The United Nations, the African Union and other international and regional bodies recognize Ouattara as the winner, but Gbagbo has refused to concede and step down.

On Thursday, U.S. Secretary of State Hillary Clinton issued a statement "condemning the growing violence, the grave human rights violations and the deterioration of security." She reiterated her assertion that Outtara was the nation's "legitimately elected and internationally recognized leader."

"The rights of the Ivoirian people can only be fully realized when democracy is respected and the rule of law restored," said Clinton.

The international community also has largely blamed Gbagbo's backers for inciting various abuses, which Kang said are reminiscent of violence that plagued the Ivory Coast in 2004.

"The political stalemate has been characterized by the use of excessive force by the supporters of ... Gbagbo to repress public gatherings and marches; harassment and intimidation; arbitrary arrest and detention; torture; disappearances; and extrajudicial killings," Kang said Thursday at a special session of the U.N. Human Rights Council in Geneva, Switzerland devoted to the political crisis in the Ivory Coast.

Kang said the U.N. Operation in Cote d'Ivoire, as the agency is known, using the nation's French name, is receiving 300 calls a day on a 24-hour line for reporting human rights abuses.

She called for removing restrictions imposed by "security forces and youth groups loyal to Mr. Gbagbo," claiming they had hindered the ability of the United Nations to deliver services and humanitarian aid.

"The deteriorating conditions and general insecurity have severely hampered economic and social activities for many Ivorians, especially the poorest, resulting in the serious infringement of economic and social rights," she said.

The watchdog group Human Rights Watch also said Thursday that security forces tied to Gbagbo had "disappeared" many political opponents and their backers, citing eyewitness reports from pro-Ouattara neighborhoods in Abidjan, the nation's largest city.

The group said that, since December 16, Gbagbo forces have dragged people away in nightly raids -- many of whom remain missing, with relatives unaware of where they are or if they are alive. Some witnesses reported seeing dead bodies, riddled with bullet holes.

Kang said Gbagbo has a "monopolization of many means of communication, including state television and radio, by those loyal to Mr. Gbagbo" and had banned foreign TV and radio broadcasters regarded as pro-Ouattara.

"Particularly alarming is the use of the national 'Radio and Television Ivoirienne' and some private newspapers to incite hatred and violence among the population and to disseminate false and inflammatory information against the United Nations. Incitement to hatred and violence are not permissible under international law. Indeed, such incitements can be punishable under international criminal law," she said.

While many nations and world bodies recognized Ouattara as Ivory Coast's rightful leader weeks ago, international pressure has increased significantly in recent days.

On Wednesday, a U.N. credentialing commission added pressure by approving a diplomatic maneuver that would further isolate the government of Gbagbo. The commission agreed to back a new ambassador to the body appointed by Ouattara.

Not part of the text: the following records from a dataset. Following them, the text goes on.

(* Let $E$ be a finite nonempty set and $X\in\mathcal{X}(2)\setminus\mathcal{X}^*(2)$. Then there exist a function $f:2^E\to\mathbb{N}$ with $X=\mathbb{B}_f(2)$, regular functions $C_e:\mathbb{N}\times\mathbb{N}\to\mathbb{R}_+$, $e\in E$, a vector $\vec t\in\mathbb{N}^E$ and integers $d,d'\in\mathbb{N}$ with $|d-d'|=1$ and $\mathbb{B}_f(d),\mathbb{B}_f(d')\neq\emptyset$, such that, writing $Q(\vec t,k)$ for the problem of minimizing $\sum_{e\in E}C_e(x_e;t_e)$ subject to $\vec x\in\mathbb{B}_f(k)$, there is an optimal solution $\vec x^*$ of $Q(\vec t,d)$ with $\|\vec x^*-\vec x'\|>1$ for every optimal solution $\vec x'$ of $Q(\vec t,d')$.
   Context: $\mathbb{N}=\{0,1,2,\dots\}$; $\|\cdot\|$ is the $L_1$-norm; $x(U)=\sum_{e\in U}x_e$. For $f:2^E\to\mathbb{N}$, $\mathbb{B}_f(d)=\{\vec x\in\mathbb{N}^E: x(U)\le f(U)\ \forall U\subseteq E,\ x(E)=d\}$. $f$ is strictly positive if $f(U)>0$ for all nonempty $U$, normalized if $f(\emptyset)=0$, monotonic if $f(U)\le f(V)$ for $U\subseteq V$. $\mathcal{X}(d)=\{\mathbb{B}_f(d): f \text{ strictly positive, normalized, monotonic}\}$, $\mathcal{X}^*(d)=\{\mathbb{B}_f(d): f\text{ strictly positive, normalized, monotonic, submodular}\}$. For $C:\mathbb{N}\times\mathbb{N}\to\mathbb{R}$, $C^-(x;t)=C(x;t)-C(x-1;t)$ for $x\ge1$; $C$ is regular if $C^-(x;t)\le C^-(x;t+1)$ and $C^-(x;t+1)\le C^-(x+1;t)$ for all $x\ge1,t\in\mathbb{N}$. *)

From HB Require Import structures.
From mathcomp Require Import all_boot all_order all_algebra.
From mathcomp Require Import Rstruct.
Set Implicit Arguments. Unset Strict Implicit. Unset Printing Implicit Defensive.
Import Order.TTheory GRing.Theory Num.Theory.

(* vectors in N^E are functions E -> nat; x(U) = sum over U *)
Definition xsum (E : finType) (x : E -> nat) (U : {set E}) : nat :=
  (\sum_(e in U) x e)%N.

Definition inB (E : finType) (f : {set E} -> nat) (d : nat) (x : E -> nat) : Prop :=
  (forall U : {set E}, xsum x U <= f U)%N /\ xsum x [set: E] = d.

Definition strictly_positive (E : finType) (f : {set E} -> nat) : Prop :=
  forall U : {set E}, U != set0 -> (0 < f U)%N.
Definition normalized (E : finType) (f : {set E} -> nat) : Prop := f set0 = 0%N.
Definition monotonic (E : finType) (f : {set E} -> nat) : Prop :=
  forall U V : {set E}, U \subset V -> (f U <= f V)%N.
Definition submodular (E : finType) (f : {set E} -> nat) : Prop :=
  forall U V : {set E}, (f (U :|: V) + f (U :&: V) <= f U + f V)%N.

Definition is_B (E : finType) (X : (E -> nat) -> Prop) (f : {set E} -> nat) (d : nat) :=
  forall x, X x <-> inB f d x.

Definition in_calX (E : finType) (d : nat) (X : (E -> nat) -> Prop) : Prop :=
  exists f, [/\ strictly_positive f, normalized f, monotonic f & is_B X f d].
Definition in_calX_star (E : finType) (d : nat) (X : (E -> nat) -> Prop) : Prop :=
  exists f, [/\ strictly_positive f, normalized f, monotonic f, submodular f & is_B X f d].

Definition l1dist (E : finType) (x y : E -> nat) : nat :=
  (\sum_(e : E) ((x e - y e) + (y e - x e)))%nat.

Local Open Scope ring_scope.

Definition Cminus (C : nat -> nat -> Rdefinitions.R) (x t : nat) : Rdefinitions.R := C x t - C x.-1 t.

Definition regular (C : nat -> nat -> Rdefinitions.R) : Prop :=
  forall x t : nat, leq 1 x ->
    Cminus C x t <= Cminus C x t.+1 /\ Cminus C x t.+1 <= Cminus C x.+1 t.

Definition cost (E : finType) (C : E -> nat -> nat -> Rdefinitions.R) (t x : E -> nat) : Rdefinitions.R :=
  \sum_(e : E) C e (x e) (t e).

Definition optimal (E : finType) (C : E -> nat -> nat -> Rdefinitions.R) (f : {set E} -> nat)
  (t : E -> nat) (k : nat) (x : E -> nat) : Prop :=
  inB f k x /\ forall y, inB f k y -> cost C t x <= cost C t y.

From HB Require Import structures.
From mathcomp Require Import all_boot all_order all_algebra.
From mathcomp Require Import Rstruct zify.
Import Order.TTheory GRing.Theory Num.Theory.
Set Implicit Arguments. Unset Strict Implicit. Unset Printing Implicit Defensive.

(* A set in X(2) is B_f(2) for the graph on E whose edges are the pairs {u, v}
   (loops allowed) with f {u, v} >= 2: a vector of size 2 belongs to B_f(2)
   iff its support is an edge.  If for every edge cd every other vertex b is
   adjacent to c or d, the rank U |-> [U <> 0] + [U spans an edge] is
   submodular and has the same bases, so X lies in X*(2).  Otherwise pick an
   edge cd and a vertex b adjacent to neither, and use the time-independent
   linear costs weighting b by 0, c and d by 1 and all other elements by 2.
   Every base of size 2 leaves both {b, c} and {b, d}, so costs at least 2,
   which is attained by the base on the edge cd; the base on b costs 0, so
   every optimal base of size 1 vanishes on c and d and lies at distance 2. *)

Section Support.
Variable E : finType.
Implicit Types (x : E -> nat) (U V : {set E}) (g : {set E} -> nat).

Definition supp x : {set E} := [set e | 0 < x e].

Lemma xsumS x U V : U \subset V -> xsum x U <= xsum x V.
Proof.
move=> sUV; rewrite /xsum [X in _ <= X](big_setID U) /= (setIidPr sUV).
exact: leq_addr.
Qed.

Lemma xsum_supp x : xsum x (supp x) = xsum x [set: E].
Proof.
rewrite /xsum [RHS](big_setID (supp x)) /= setTI [X in _ + X]big1 ?addn0 //.
by move=> e; rewrite !inE lt0n negbK andbT => /eqP.
Qed.

Lemma card_supp_le x : #|supp x| <= xsum x [set: E].
Proof.
by rewrite -xsum_supp -sum1_card /xsum; apply: leq_sum => e; rewrite inE.
Qed.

U.S. State Department spokesman P.J. Crowley on the same day said that the United States and other countries were discussing with African nations the possibility of augmenting the existing U.N. force in the Ivory Coast.

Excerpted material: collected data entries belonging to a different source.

(* Let $w$ be a weight on $\mathbb{N}_0$ satisfying the discrete Pearson equation $\theta(k+1)w(k+1)=\sigma(k)w(k)$ for all $k\in\mathbb{N}_0$, with $\theta,\sigma$ polynomials and $\theta(0)=0$, and with the setting of the context. Then for all $z\in\mathbb{C}\setminus\mathbb{Z}$, $$\theta(z)Q(z)-\Psi^\top H^{-1}Q(z-1)=\sum_{k=0}^\infty P(k)\frac{\theta(z)-\theta(k)}{z-k}w(k),$$ $$\sigma(z)Q(z)-\Psi H^{-1}Q(z+1)=\sum_{k=0}^\infty P(k)\frac{\sigma(z)-\sigma(k)}{z-k}w(k).$$
   Context: The weight $w$ takes values $w(k)$ at $k\in\mathbb{N}_0$ with $\sum_kk^n|w(k)|<\infty$ for all $n$; moments $\rho_n=\sum_kk^nw(k)$, moment matrix $G=(\rho_{n+m})_{n,m\ge0}$ with all leading principal minors nonzero, so $G=S^{-1}HS^{-\top}$ with $S$ lower unitriangular and $H=\operatorname{diag}(H_0,H_1,\dots)$. $P(z)=S\chi(z)$, $\chi(z)=(1,z,z^2,\dots)^\top$, is the vector of monic orthogonal polynomials $P_n$ (with $\sum_kP_n(k)P_m(k)w(k)=\delta_{n,m}H_n$), and $Q(z)$ is the vector of second kind functions $Q_n(z)=\sum_{k=0}^\infty\frac{P_n(k)w(k)}{z-k}$. $\Lambda$ is the shift matrix (ones on the first superdiagonal), $J=S\Lambda S^{-1}$ the Jacobi matrix, $B$ the lower Pascal matrix $B_{n,m}=\binom nm$, $\Pi:=SBS^{-1}$ (so $P(z+1)=\Pi P(z)$). The Laguerre--Freud structure matrix is $\Psi:=\Pi^{-1}\theta(J)H$; under the Pearson equation it is known that also $\Psi=H\sigma(J^\top)\Pi^\top$, and $\Psi$ is banded. *)

(* Complex numbers: C R := (R[i])^o for
   R : realType (the ^o copy carries the normed/topological structure so that
   series and limits make sense). *)
From mathcomp Require Import all_boot all_order all_algebra.
From mathcomp Require Import all_classical all_reals all_analysis.
From mathcomp Require Import complex.
Import Order.TTheory GRing.Theory Num.Theory numFieldNormedType.Exports.

Set Implicit Arguments.
Unset Strict Implicit.
Unset Printing Implicit Defensive.

Local Open Scope ring_scope.

Notation C R := ((R[i])^o).

Section Defs.
Variable R : realType.

Definition mx := nat -> nat -> C R.
Definition vc := nat -> C R.

Definition csum (u : nat -> C R) : C R := limn (series u).

Definition mmul (A B : mx) : mx := fun n m => csum (fun k => A n k * B k m).
Definition mvmul (A : mx) (v : vc) : vc := fun n => csum (fun k => A n k * v k).
Definition mtr (A : mx) : mx := fun n m => A m n.
Definition idm : mx := fun n m => (n == m)%:R.
Definition diagm (d : nat -> C R) : mx := fun n m => if n == m then d n else 0.
Definition shiftm : mx := fun n m => (m == n.+1)%:R.
Definition pascal : mx := fun n m => ('C(n, m))%:R.
Definition mpow (A : mx) (i : nat) : mx := iter i (mmul A) idm.
Definition mhorner (p : {poly C R}) (A : mx) : mx :=
  fun n m => \sum_(i < size p) p`_i * mpow A i n m.
(* inverse of a lower triangular infinite matrix (with invertible diagonal):
   its entries are those of the inverse of any finite leading truncation
   containing them *)
Definition lowinv (A : mx) : mx := fun n m =>
  let N := (maxn n m).+1 in
  (invmx (\matrix_(i < N, j < N) A i j)) (inord n) (inord m).

Definition chi (z : C R) : vc := fun k => z ^+ k.

Section Weight.
Variables (w : nat -> C R) (S : mx) (Hd : nat -> C R).

Definition moment (n : nat) : C R := csum (fun k => (k%:R) ^+ n * w k).
Definition momentmx : mx := fun n m => moment (n + m).

Definition Pvec (z : C R) : vc := mvmul S (chi z).
Definition Qvec (z : C R) : vc :=
  fun n => csum (fun k => Pvec k%:R n * w k / (z - k%:R)).

Definition Hmx : mx := diagm Hd.
Definition Hinvmx : mx := diagm (fun n => (Hd n)^-1).
Definition Jacobi : mx := mmul (mmul S shiftm) (lowinv S).
Definition Pimx : mx := mmul (mmul S pascal) (lowinv S).
Definition Psi (theta : {poly C R}) : mx :=
  mmul (mmul (lowinv Pimx) (mhorner theta Jacobi)) Hmx.

End Weight.
End Defs.

From mathcomp Require Import all_boot all_order all_algebra.
From mathcomp Require Import all_classical all_reals all_analysis.
From mathcomp Require Import complex.
From mathcomp Require Import ring.
Import Order.TTheory GRing.Theory Num.Theory numFieldNormedType.Exports.

(* Since P(x) = S chi(x), one has J P(x) = x P(x) and Pi P(x) = P(x + 1), hence
   Pi^-1 theta(J) P(x) = theta(x) P(x - 1); and Psi H^-1 = Pi^-1 theta(J).  Orthogonality
   identifies Psi_{kn} / H_k with the k-th coordinate, in the basis P, of the polynomial
   sigma(x) P_n(x + 1) (this uses the Pearson equation once), so that
   Psi^T H^-1 P(x) = sigma(x) P(x + 1).  Every matrix involved is banded, so for such a
   matrix A the n-th entry of A Q(z) is sum_k (A P(k))_n w(k) / (z - k).  The Pearson
   equation with theta(0) = 0 is the summation by parts
   sum_k theta(k) w(k) F(k) = sum_k sigma(k) w(k) F(k + 1), which turns both
   (Psi^T H^-1 Q(z - 1))_n and (Psi H^-1 Q(z + 1))_n into series of the form
   sum_k p(k) P_n(k) w(k) / (z - k); subtracting them from p(z) Q_n(z) (p = theta, sigma)
   leaves the divided differences (p(z) - p(k)) / (z - k).  Convergence of all series
   follows from the finiteness of the absolute moments of w. *)

Set Implicit Arguments.
Unset Strict Implicit.
Unset Printing Implicit Defensive.

Local Open Scope classical_set_scope.
Local Open Scope ring_scope.

Lemma sum_ord_trunc (V : nmodType) (F : nat -> V) M N : (M <= N)%N ->
  (forall k, (M <= k)%N -> F k = 0) -> \sum_(k < N) F k = \sum_(k < M) F k.
Proof.
move=> MN F0; rewrite -(subnKC MN) big_split_ord /= [X in _ + X]big1 ?addr0 //.
by move=> k _; apply: F0; exact: leq_addr.
Qed.

Lemma sum_ord_delta (V : pzSemiRingType) (f : nat -> V) n N : (n < N)%N ->
  \sum_(k < N) (n == k :> nat)%:R * f k = f n.
Proof.
move=> nN; rewrite (bigD1 (Ordinal nN)) //= eqxx mul1r big1 ?addr0 // => k.
by rewrite -val_eqE /= eq_sym => /negbTE ->; rewrite mul0r.
Qed.

Section ComplexSeries.
Variable R : realType.
Local Notation K := (C R).
Implicit Types u v : nat -> K.

Lemma cvg_series_trunc u N : (forall k, (N <= k)%N -> u k = 0) ->
  series u @ \oo --> \sum_(k < N) u k.
Proof.
move=> u0; apply: cvg_near_cst; exists N => // n /= Nn.
by rewrite seriesEord /=; apply: sum_ord_trunc.
Qed.

Lemma csum_trunc u N : (forall k, (N <= k)%N -> u k = 0) ->
  csum u = \sum_(k < N) u k.
Proof. by move=> u0; apply: cvg_lim => //; exact: cvg_series_trunc. Qed.

Lemma eq_is_cvg_series u v : cvgn (series u) -> u =1 v -> cvgn (series v).
Proof. by move=> + /funext uv; rewrite uv. Qed.

Lemma csumZ c u : cvgn (series u) -> csum (fun k => c * u k) = c * csum u.
Proof. exact: lim_seriesZ. Qed.

Lemma csumD u v : cvgn (series u) -> cvgn (series v) ->
  csum (fun k => u k + v k) = csum u + csum v.
Proof. exact: lim_seriesD. Qed.

Lemma csumB u v : cvgn (series u) -> cvgn (series v) ->
  csum (fun k => u k - v k) = csum u - csum v.
Proof. exact: lim_seriesB. Qed.

Lemma is_cvg_series_lincomb D (c : nat -> K) (F : nat -> nat -> K) :
  (forall i, (i < D)%N -> cvgn (series (F i))) ->
  cvgn (series (fun k => \sum_(i < D) c i * F i k)).
Proof.
elim: D => [|d IH] cvgF.
  by apply: cvgP; apply: (@cvg_series_trunc _ 0) => k _; rewrite big_ord0.
under eq_fun do rewrite big_ord_recr /=.
apply: is_cvg_seriesD; first by apply: IH => i /ltnW; exact: cvgF.
exact/is_cvg_seriesZ/cvgF.
Qed.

However, he said it was unclear what a U.S. contribution could look like, whether it be forces of logistical support or something more indirect. Right now, these are just ideas, Crowley said.

The World Bank on Wednesday said it has halted lending and disbursing funds to the Ivory Coast and that the agency's office in the West African country has been closed.

The agency said it and the African Development Bank have backed the African Union and the Economic Community of West African States "in sending the message to Gbagbo that he lost the elections and he needs to step down."

"A peaceful and rapid resolution is critical" for Ivorians and the region, the bank said.